In one or more embodiments of the invention, the global/intermediate computation result is obtained from a global/intermediate computation using the obtained global/intermediate computation results. In one or more embodiments of the invention, the elements of data sources used to generate the obtained intermediate computation results cannot be obtained using the global computation result.
In Step 504, the global/intermediate computation is sent to a requesting entity.
The method may end following Step 504.
To further clarify aspects of the invention, a non-limiting example is shown in
Consider a system, as illustrated in
Consider a scenario where the client (600) sends a global computation request to data zone A (610) requesting an average of all of the sensor data.
In response to the request, the data zone A (610) instantiates a framework manager (not shown) associated with the request. The framework manager, in turn, instantiates a global average (612) of the sensor data in data zones A-C as a global computation. To facilitate the execution of the global computation, the framework manager instantiates a local intermediate calculation (614) to obtain a sum and count of the sensor data in data zone A (610). Additionally, the framework manager instantiates remote intermediate computation managers (616) for data zones B and C, respectively, because each of data zones B and C include sensor data.

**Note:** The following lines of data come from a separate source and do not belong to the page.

Lemma is_derivation_nC_ricci_shiftP c :
  is_derivation (nC m s u v w) (ricci (nC m s u v w) - c%:M)
  <-> forall i j k : 'I_5, nC_derivation_eq c i j k.
Proof.
rewrite is_derivationP /derivation_eq /nC_derivation_eq.
have entriesE i j k :
  [/\ \sum_r (ricci (nC m s u v w) - c%:M) k r * nC m s u v w i j r 0
        = \sum_(r < 5) nC_ricci_shift c k r * nC_const i j r,
      \sum_p (ricci (nC m s u v w) - c%:M) p i * nC m s u v w p j k 0
        = \sum_(p < 5) nC_ricci_shift c p i * nC_const p j k
    & \sum_p (ricci (nC m s u v w) - c%:M) p j * nC m s u v w i p k 0
        = \sum_(p < 5) nC_ricci_shift c p j * nC_const i p k].
  by split; apply: eq_bigr => r _; rewrite ricci_nC_shiftE nCE.
by split=> eqs i j k; move: (eqs i j k); have [-> -> ->] := entriesE i j k.
Qed.

End FiveDimensional.

Lemma nC_soliton_constraints (R : rcfType) (m s u v w c : R) :
  0 < m -> 0 < v -> 0 < w ->
  is_derivation (nC m s u v w) (ricci (nC m s u v w) - c%:M) ->
  [/\ s = 0, u = 0, v = m & w = Num.sqrt 2 / 2 * m] /\ c = - (7 / 4) * m ^+ 2.
Proof.
move=> m_gt0 v_gt0 w_gt0 /is_derivation_nC_ricci_shiftP eqs.
have eq_at (i j k : nat) (Hi : (i < 5)%N) (Hj : (j < 5)%N) (Hk : (k < 5)%N) :=
  eqs (Ordinal Hi) (Ordinal Hj) (Ordinal Hk).
move: (eq_at 0 1 1 isT isT isT) (eq_at 0 1 2 isT isT isT)
  (eq_at 0 1 3 isT isT isT) (eq_at 0 3 4 isT isT isT) (eq_at 1 2 4 isT isT isT).
rewrite /nC_derivation_eq !big_ord_recl !big_ord0 /= /nC_ricci_shift.
rewrite /nC_ricci /nC_const /= => E011 E012 E013 E034 E124.
have : m * (u * v) == 0 by apply/eqP; lra.
rewrite !mulf_eq0 (gt_eqF m_gt0) (gt_eqF v_gt0) orbF => /eqP u0.
have : m * (s * v) == 0 by apply/eqP; lra.
rewrite !mulf_eq0 (gt_eqF m_gt0) (gt_eqF v_gt0) orbF => /eqP s0.
subst s u.
have : m * (c + w ^+ 2 / 2 + 3 / 2 * m ^+ 2) == 0 by apply/eqP; lra.
rewrite mulf_eq0 (gt_eqF m_gt0) => /eqP c_m.
have : v * (c + w ^+ 2 / 2 + 3 / 2 * v ^+ 2) == 0 by apply/eqP; lra.
rewrite mulf_eq0 (gt_eqF v_gt0) => /eqP c_v.
have : w * (c + 3 / 2 * w ^+ 2 + v ^+ 2 / 2 + m ^+ 2 / 2) == 0.
  by apply/eqP; lra.
rewrite mulf_eq0 (gt_eqF w_gt0) => /eqP c_w.
have vm : v = m.
  by apply/eqP; rewrite -(@eqrXn2 _ 2 _ _ isT (ltW v_gt0) (ltW m_gt0)); lra.
subst v.
have w2 : w ^+ 2 = m ^+ 2 / 2 by lra.
split; last by lra.
by split=> //; apply/(sqrt2_half_mulP (ltW m_gt0) (ltW w_gt0)).
Qed.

In data zone B (620) a sum and count (622) of the sensor data computation is instantiated as an intermediate computation. Similarly, in data zone C (630), a sum and count (632) of the sensor data computation is instantiated as an additional intermediate computation.
To facilitate generating a global computation result, the remote intermediate computation managers for data zones B and C (616) obtain the intermediate results from data zones B and C, respectively. The aforementioned intermediate results obtained from data zones B and C are provided, along with the intermediate result generated in data zone A to the global computation, i.e., global average (612). The global computation then generates a global average, e.g., the average, by summing the sum from each intermediate computation, summing the count from each intermediate computation, and dividing the summed sum by the summed count.
Consider a scenario in which the sum and count of the intermediate computation (614) in data zone A (610) is 20 and 8, the sum and count of the intermediate computation (622) in data zone B (620) is 5 and 15, and the sum and count of the intermediate computation (632) in data zone C (630) is 27 and 3. The global average (612) would be calculated by summing the sums 20+5+27=52 and summing the counts 8+15+3=26. The summed sum of 52 is divided by the summed count of 27 resulting in a global average of 2.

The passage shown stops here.